Шрифт:
Интервал:
Закладка:
— Есть. Эта личность сейчас сидит напротив меня, упрямо продолжает задавать свои вопросы, дерзит и не отдает отчета в том, как сильно возбуждает подобным поведением… — он ставит свой бокал на столик, нагнувшись вперед и усмехнувшись тому, что я округлила глаза.
— А вы отдаете себе отчет в том, что говорите? Я ведь могу написать много лишнего в статье за подобное хамство, и не солгу. Как вы уже заметили, я не пресная журналистка и могу быть очень упрямой, — я попыталась остепенить мужчину. Но разве я могу диктовать ему свои условия?
— …И как сильно эта упрямая журналистка напрашивается, чтобы я избавился от своего терпения и взял ее прямо тут и сейчас без каких-либо обязательств… Например, перекинув через быльце дивана, приподняв ее вполне симпатичную задницу кверху… И уверен, она была бы довольна таким раскладом, — продолжает он свою мысль, демонстративно затыкая мой рот не то грубым предложением на секс с ним, не то неприкрытой угрозой.
Мое сердце непростительно дрогнуло под этим взглядом. Я оглянулась, посмотрев, на какое именно быльце за моей напряженной спиной, которое так сильно ему приглянулась… С моей задницей.
Что между нами происходит? И почему я так возбуждена от его взгляда, голоса и даже созерцания того, как длинные пальцы наглеца изящно держат бокал красного вина с такой загадочной улыбкой?

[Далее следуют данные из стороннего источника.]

(* Let $(a_0,\ldots,a_n)$ be a finite sequence of positive integers and $\omega=[a_0,\ldots,a_n,1,1,1,\ldots]$. For every $\varepsilon>0$ there is $m_0>0$ such that for every integer $m\ge m_0$ and every infinite sequence of positive integers $I=(a_{n+m},a_{n+m+1},\ldots)$, writing $$\beta^I=[a_0,\ldots,a_n,\underbrace{1,\ldots,1}_{m-1},a_{n+m},a_{n+m+1},\ldots]$$ (digits $a_0,\ldots,a_n$ in positions $0,\ldots,n$, ones in positions $n+1,\ldots,n+m-1$, and $a_j$ in position $j\ge n+m$), we have $$\sum_{i\ge n+m}\alpha_0(\omega)\cdots\alpha_{i-1}(\omega)\log\frac{1}{\alpha_i(\omega)}<\varepsilon$$ and $$\sum_{i=0}^{n+m-1}\left|\alpha_0(\beta^I)\cdots\alpha_{i-1}(\beta^I)\log\frac{1}{\alpha_i(\beta^I)}-\alpha_0(\omega)\cdots\alpha_{i-1}(\omega)\log\frac{1}{\alpha_i(\omega)}\right|<\varepsilon.$$
   Context: For positive integers $d_0,d_1,\ldots$, $[d_0,d_1,d_2,\ldots]$ denotes the continued fraction $\cfrac{1}{d_0+\cfrac{1}{d_1+\cfrac{1}{d_2+\cdots}}}$, and for $\beta=[d_0,d_1,\ldots]$ we write $\alpha_j(\beta)=[d_j,d_{j+1},\ldots]$. (An empty product equals $1$.) *)

From Stdlib Require Import Reals Lra Lia.
From Coquelicot Require Import Coquelicot.
Open Scope R_scope.

Fixpoint cf_fin (d : nat -> nat) (k : nat) : R :=
  match k with
  | O => 0
  | S k' => / (INR (d O) + cf_fin (fun j => d (S j)) k')
  end.

(* Value of the infinite continued fraction [d 0, d 1, d 2, ...]
   (limit of its convergents; it converges for positive digits). *)
Definition cf (d : nat -> nat) : R := real (Lim_seq (fun k => cf_fin d k)).

Definition alpha (j : nat) (d : nat -> nat) : R := cf (fun k => d (j + k)%nat).

Fixpoint alpha_prod (d : nat -> nat) (i : nat) : R :=
  match i with
  | O => 1
  | S i' => alpha_prod d i' * alpha i' d
  end.

Definition term (d : nat -> nat) (i : nat) : R :=
  alpha_prod d i * ln (/ alpha i d).

Definition omega_digits (a : nat -> nat) (n : nat) (j : nat) : nat :=
  if Nat.leb j n then a j else 1%nat.

(* Digits of beta^I = [a_0,...,a_n, 1 (m-1 times), I 0, I 1, ...],
   where I k plays the role of a_{n+m+k}. *)
Definition beta_digits (a : nat -> nat) (n m : nat) (I : nat -> nat) (j : nat) : nat :=
  if Nat.leb j n then a j
  else if Nat.ltb j (n + m) then 1%nat
  else I (j - (n + m))%nat.

From Stdlib Require Import Reals Lra Lia.
From Coquelicot Require Import Coquelicot.
Open Scope R_scope.

(* Write b for the digits of beta^I and w for those of omega: they agree below n + m and are
   ones on (n, n + m).  From alpha_j = 1 / (d_j + alpha_(j+1)), agreement at j gives
   |alpha_j b - alpha_j w| = |alpha_(j+1) b - alpha_(j+1) w| * alpha_j b * alpha_j w, and
   alpha_j <= 2/3 as soon as d_j = d_(j+1) = 1.  So through the block of ones the alphas of b and
   w become (4/9)-geometrically close when read backwards from n + m, which makes the terms of
   index at most n + h small once m - h is large; meanwhile alpha_0 ... alpha_(i-1) <= (2/3)^(i-n-1)
   inside the block, which makes the terms of index above n + h, and the tail of the series of
   omega, small once h is large. *)

Lemma one_le_INR (k : nat) : (0 < k)%nat -> 1 <= INR k.
Proof. intro H. apply (le_INR 1). lia. Qed.

Lemma ln_le_sub1 t : 0 < t -> ln t <= t - 1.
Proof. intro H. assert (X := exp_ineq1_le (ln t)). rewrite exp_ln in X; lra. Qed.

Lemma ln_inv_lipschitz x y D : 0 < x -> 0 < y -> / x <= D -> / y <= D ->
  Rabs (ln (/ x) - ln (/ y)) <= D * Rabs (x - y).
Proof.
  intros Hx Hy HxD HyD.
  assert (Hln : forall u v, 0 < u -> 0 < v -> / u <= D ->
            ln (/ u) - ln (/ v) <= D * Rabs (u - v)).
  { intros u v Hu Hv HuD.
    rewrite ln_Rinv, ln_Rinv by lra.
    replace (- ln u - - ln v) with (ln (v / u)) by (rewrite ln_div; lra).
    eapply Rle_trans; [apply ln_le_sub1, Rdiv_lt_0_compat; lra|].
    replace (v / u - 1) with (/ u * (v - u)) by (field; lra).
    assert (v - u <= Rabs (u - v)) by (rewrite Rabs_minus_sym; apply Rle_abs).
    assert (0 < / u) by (apply Rinv_0_lt_compat; lra).
    assert (0 <= Rabs (u - v)) by apply Rabs_pos. nra. }
  apply Rabs_le. split.
  - rewrite Rabs_minus_sym. assert (Hyx := Hln y x Hy Hx HyD). lra.
  - apply Hln; auto.
Qed.

Lemma Rabs_mult_sub_le p q u v :
  Rabs (p * u - q * v) <= Rabs (p - q) * Rabs u + Rabs q * Rabs (u - v).
Proof.
  replace (p * u - q * v) with ((p - q) * u + q * (u - v)) by ring.
  rewrite <- !Rabs_mult. apply Rabs_triang.
Qed.

(* One step x |-> / (A + x) is not a contraction on [0, 1] (A = 1, x near 0); two steps are. *)
Lemma Rinv2_contract A B p q : 1 <= A -> 1 <= B -> 0 <= p -> 0 <= q ->
  Rabs (/ (A + / (B + p)) - / (A + / (B + q))) <= / 4 * Rabs (p - q).
Proof.
  intros HA HB Hp Hq.
  assert (Ap : 1 <= A * (B + p)) by nra.
  assert (Aq : 1 <= A * (B + q)) by nra.
  replace (/ (A + / (B + p)) - / (A + / (B + q)))
    with ((p - q) * / ((A * (B + p) + 1) * (A * (B + q) + 1)))
    by (field; repeat split; nra).
  rewrite Rabs_mult, Rmult_comm, (Rabs_pos_eq (/ _)).
  - apply Rmult_le_compat_r; [apply Rabs_pos|].
    apply Rinv_le_contravar; nra.
  - left; apply Rinv_0_lt_compat; nra.
Qed.

Lemma sum_geom_le q M : 0 <= q < 1 -> sum_f_R0 (fun k => q ^ k) M <= / (1 - q).
Proof.
  intro Hq. rewrite tech3 by lra. unfold Rdiv.
  rewrite <- (Rmult_1_l (/ (1 - q))) at 2.
  apply Rmult_le_compat_r; [left; apply Rinv_0_lt_compat; lra|].
  assert (0 <= q ^ S M) by (apply pow_le; lra). lra.
Qed.

Lemma series_geom_dominated (u : nat -> R) C q : 0 <= q < 1 ->
  (forall k, 0 <= u k <= C * q ^ k) -> ex_series u /\ Series u <= C / (1 - q).
Proof.
  intros Hq Hu.
  assert (Hg : is_series (fun k => C * q ^ k) (C * / (1 - q))).
  { apply (is_series_scal_l C (fun k => q ^ k)), is_series_geom.
    rewrite Rabs_pos_eq; lra. }
  assert (Hex : ex_series u).
  { apply (ex_series_le u (fun k => C * q ^ k)); [|exists (C * / (1 - q)); exact Hg].
    intro k. change (norm (u k)) with (Rabs (u k)).
    rewrite Rabs_pos_eq; apply Hu. }
  split; auto.
  unfold Rdiv. rewrite <- (is_series_unique _ _ Hg).
  apply Series_le; auto. exists (C * / (1 - q)); exact Hg.
Qed.

Lemma pow_eventually_lt q C eps : Rabs q < 1 -> 0 < eps ->
  exists K, forall k, (K <= k)%nat -> C * q ^ k < eps.
Proof.
  intros Hq Heps.
  assert (HC : 0 < Rabs C + 1) by (assert (0 <= Rabs C) by apply Rabs_pos; lra).
  destruct (pow_lt_1_zero q Hq (eps / (Rabs C + 1))) as [K HK].
  { apply Rdiv_lt_0_compat; lra. }
  exists K. intros k Hk. specialize (HK k Hk).
  apply Rle_lt_trans with (Rabs C * Rabs (q ^ k)).
  - rewrite <- Rabs_mult. apply Rle_abs.
  - apply Rle_lt_trans with (Rabs C * (eps / (Rabs C + 1))).
    + apply Rmult_le_compat_l; [apply Rabs_pos | lra].
    + replace eps with ((Rabs C + 1) * (eps / (Rabs C + 1))) at 2 by (field; lra).
      apply Rmult_lt_compat_r; [apply Rdiv_lt_0_compat|]; lra.
Qed.

Definition pos_digits (d : nat -> nat) : Prop := forall k, (0 < d k)%nat.

Lemma cf_fin_ext d d' K : (forall k, d k = d' k) -> cf_fin d K = cf_fin d' K.
Proof.
  revert d d'; induction K as [|K IH]; intros d d' H; simpl; auto.
  rewrite H, (IH _ (fun j => d' (S j))); auto.
Qed.

Lemma cf_fin_bounds K : forall d, pos_digits d -> 0 <= cf_fin d K <= 1.
Proof.
  induction K as [|K IH]; intros d Hd; simpl; [lra|].
  assert (H1 := one_le_INR _ (Hd O)).
  assert (H2 := IH (fun j => d (S j)) (fun k => Hd (S k))).
  split.
  - left; apply Rinv_0_lt_compat; lra.
  - rewrite <- Rinv_1; apply Rinv_le_contravar; lra.
Qed.

Lemma cf_fin_cauchy j : forall d, pos_digits d -> forall k l,
  (2 * j <= k)%nat -> (2 * j <= l)%nat -> Rabs (cf_fin d k - cf_fin d l) <= (/ 4) ^ j.
Proof.
  induction j as [|j IH]; intros d Hd k l Hk Hl.
  - destruct (cf_fin_bounds k d Hd), (cf_fin_bounds l d Hd).
    simpl; apply Rabs_le; lra.
  - destruct k as [|[|k]]; [lia|lia|]. destruct l as [|[|l]]; [lia|lia|].
    simpl.
    assert (Hh : pos_digits (fun i => d (S (S i)))) by (intro; apply Hd).
    destruct (cf_fin_bounds k _ Hh), (cf_fin_bounds l _ Hh).
    eapply Rle_trans; [apply Rinv2_contract; auto; apply one_le_INR, Hd|].
    apply Rmult_le_compat_l; [lra|].
    apply IH; auto; lia.
Qed.

Lemma is_lim_seq_cf_fin d : pos_digits d -> is_lim_seq (cf_fin d) (cf d).
Proof.
  intro Hd.
  assert (Hex : ex_finite_lim_seq (cf_fin d)).
  { apply ex_lim_seq_cauchy_corr. intro eps.
    destruct (pow_lt_1_zero (/ 4)) with (y := pos eps) as [N HN].
    { rewrite Rabs_pos_eq; lra. } { apply cond_pos. }
    exists (2 * N)%nat. intros k l Hk Hl.
    eapply Rle_lt_trans; [apply (cf_fin_cauchy N); auto|].
    specialize (HN N (le_n _)). rewrite Rabs_pos_eq in HN; auto.
    apply pow_le; lra. }
  destruct Hex as [l Hl].
  unfold cf. rewrite (is_lim_seq_unique (fun k => cf_fin d k) l Hl). exact Hl.
Qed.

Lemma cf_ext d d' : (forall k, d k = d' k) -> cf d = cf d'.
Proof.
  intro H. unfold cf. rewrite (Lim_seq_ext _ (cf_fin d')); auto.
  intro; apply cf_fin_ext; auto.
Qed.

Lemma cf_bounds d : pos_digits d -> 0 <= cf d <= 1.
Proof.
  intro Hd. assert (L := is_lim_seq_cf_fin d Hd). split.
  - apply (is_lim_seq_le (fun _ => 0) (cf_fin d) 0 (cf d)); auto.
    + intro k; apply cf_fin_bounds, Hd.
    + apply is_lim_seq_const.
  - apply (is_lim_seq_le (cf_fin d) (fun _ => 1) (cf d) 1); auto.
    + intro k; apply cf_fin_bounds, Hd.
    + apply is_lim_seq_const.
Qed.

Lemma cf_rec d : pos_digits d -> cf d = / (INR (d O) + cf (fun j => d (S j))).
Proof.
  intro Hd.
  assert (Hs : pos_digits (fun j => d (S j))) by (intro; apply Hd).
  assert (H1 := one_le_INR _ (Hd O)). assert (H2 := cf_bounds _ Hs).
  assert (Lrec : is_lim_seq (fun k => / (INR (d O) + cf_fin (fun j => d (S j)) k))
                   (/ (INR (d O) + cf (fun j => d (S j))))).
  { apply (is_lim_seq_inv _ (INR (d O) + cf (fun j => d (S j)))).
    - apply is_lim_seq_plus'; [apply is_lim_seq_const | apply is_lim_seq_cf_fin, Hs].
    - intro E; injection E; lra. }
  assert (Lshift := is_lim_seq_cf_fin d Hd).
  apply is_lim_seq_incr_1 in Lshift.
  assert (E := is_lim_seq_unique
    (fun k => / (INR (d O) + cf_fin (fun j => d (S j)) k)) _ Lshift).
  rewrite (is_lim_seq_unique _ _ Lrec) in E. injection E; auto.
Qed.

Lemma alpha_rec j d : pos_digits d -> alpha j d = / (INR (d j) + alpha (S j) d).
Proof.
  intro Hd. unfold alpha.
  rewrite cf_rec by (intro; apply Hd).
  rewrite Nat.add_0_r. do 2 f_equal. apply cf_ext. intro k. f_equal. lia.
Qed.

Lemma alpha_bounds j d : pos_digits d -> 0 < alpha j d <= 1.
Proof.
  intro Hd. rewrite alpha_rec by auto.
  assert (H1 := one_le_INR _ (Hd j)).
  assert (H2 := cf_bounds (fun k => d (S j + k)%nat) (fun k => Hd _)).
  unfold alpha. split.
  - apply Rinv_0_lt_compat; lra.
  - rewrite <- Rinv_1; apply Rinv_le_contravar; lra.
Qed.

Lemma inv_alpha j d : pos_digits d -> / alpha j d = INR (d j) + alpha (S j) d.
Proof. intro Hd. rewrite (alpha_rec j d Hd), Rinv_inv. reflexivity. Qed.

Lemma alpha_ones_le j d : pos_digits d -> d j = 1%nat -> d (S j) = 1%nat ->
  alpha j d <= 2 / 3.
Proof.
  intros Hd H0 H1.
  rewrite (alpha_rec j), (alpha_rec (S j)), H0, H1 by auto.
  change (INR 1) with 1.
  destruct (alpha_bounds (S (S j)) d Hd).
  assert (/ 2 <= / (1 + alpha (S (S j)) d)) by (apply Rinv_le_contravar; lra).
  replace (2 / 3) with (/ (1 + / 2)) by field.
  apply Rinv_le_contravar; lra.
Qed.

Lemma alpha_prod_bounds d i : pos_digits d -> 0 <= alpha_prod d i <= 1.
Proof.
  intro Hd. induction i as [|i IH]; simpl; [lra|].
  destruct (alpha_bounds i d Hd). nra.
Qed.

Lemma alpha_prod_ones_le d j t : pos_digits d ->
  (forall k, (j <= k <= j + t)%nat -> d k = 1%nat) -> alpha_prod d (j + t) <= (2 / 3) ^ t.
Proof.
  intros Hd Hone. induction t as [|t IH].
  - rewrite Nat.add_0_r. apply alpha_prod_bounds, Hd.
  - rewrite Nat.add_succ_r. simpl.
    assert (Hp := alpha_prod_bounds d (j + t) Hd).
    assert (Ha := alpha_bounds (j + t) d Hd).
    assert (alpha (j + t) d <= 2 / 3) by (apply alpha_ones_le; auto; apply Hone; lia).
    assert (alpha_prod d (j + t) <= (2 / 3) ^ t) by (apply IH; intros; apply Hone; lia).
    rewrite Rmult_comm. apply Rmult_le_compat; lra.
Qed.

Тянусь за бокалом с прохладным напитком, лишь бы отвлечься от такого открытого дерзкого и грязного флирта. Внутри словно началась буря, которую уже невозможно было остановить… Молнии метали, и к моему сожалению, внизу живота, заставляя меня в одну минуту бледнеть, а во вторую краснеть… Немыслимо. Я попалась на уловку, как школьница с неожиданным тестированием, проваливая все задания к чертям.
— Я — журналист. И каждое сказанное вами слово я использую в своей статье. Я услышала достаточно, чтобы обработать материал и составить статью. Надеюсь, вы станете моим преданным читателем в будущем, Максим Викторович, — предупреждаю уже конкретно и обоснованно. Но вряд ли мой писк можно считать угрозой.
— И кто вам поверит? — я точно увидела в нем холодный всполох огня, с хорошей щепоткой надменности. Он не скрывает своего превосходства, как и то, что все время был и будет хозяином любого казуса. — У вас даже диктофона нет.
По твоей милости, чудовище! Большое сексуально чудовище!
— Ты когда-нибудь занималась сексом в гостинице? Стоя у окна ночью, глядя на город, вжимаясь грудью в холодное стекло? — он словно не хотел говорить ни о чем больше, кроме сексуальных фантазиях, заставляя мои щеки пылать. Я всего на секунду посмотрела на огромное окно, за которым уже был яркий красный закат, соблазняющий своей красотой.
Он заставляет думать о нем. О нас. О чертовом окне и быльце дивана.
— Нет, — мое горло словно высушили досуха, отчего стало сложно говорить.
— Это приятно слышать. Я буду первым, с кем ты сможешь ощутить подобное, — округлившимися глазами, я взглянула на твердого в своей правоте мужчину.
Он что сделает? Стоит ли отвечать? Стоит ли вообще продолжать интервью, которое превратилось в откровенное обсуждение сексуальной жизни?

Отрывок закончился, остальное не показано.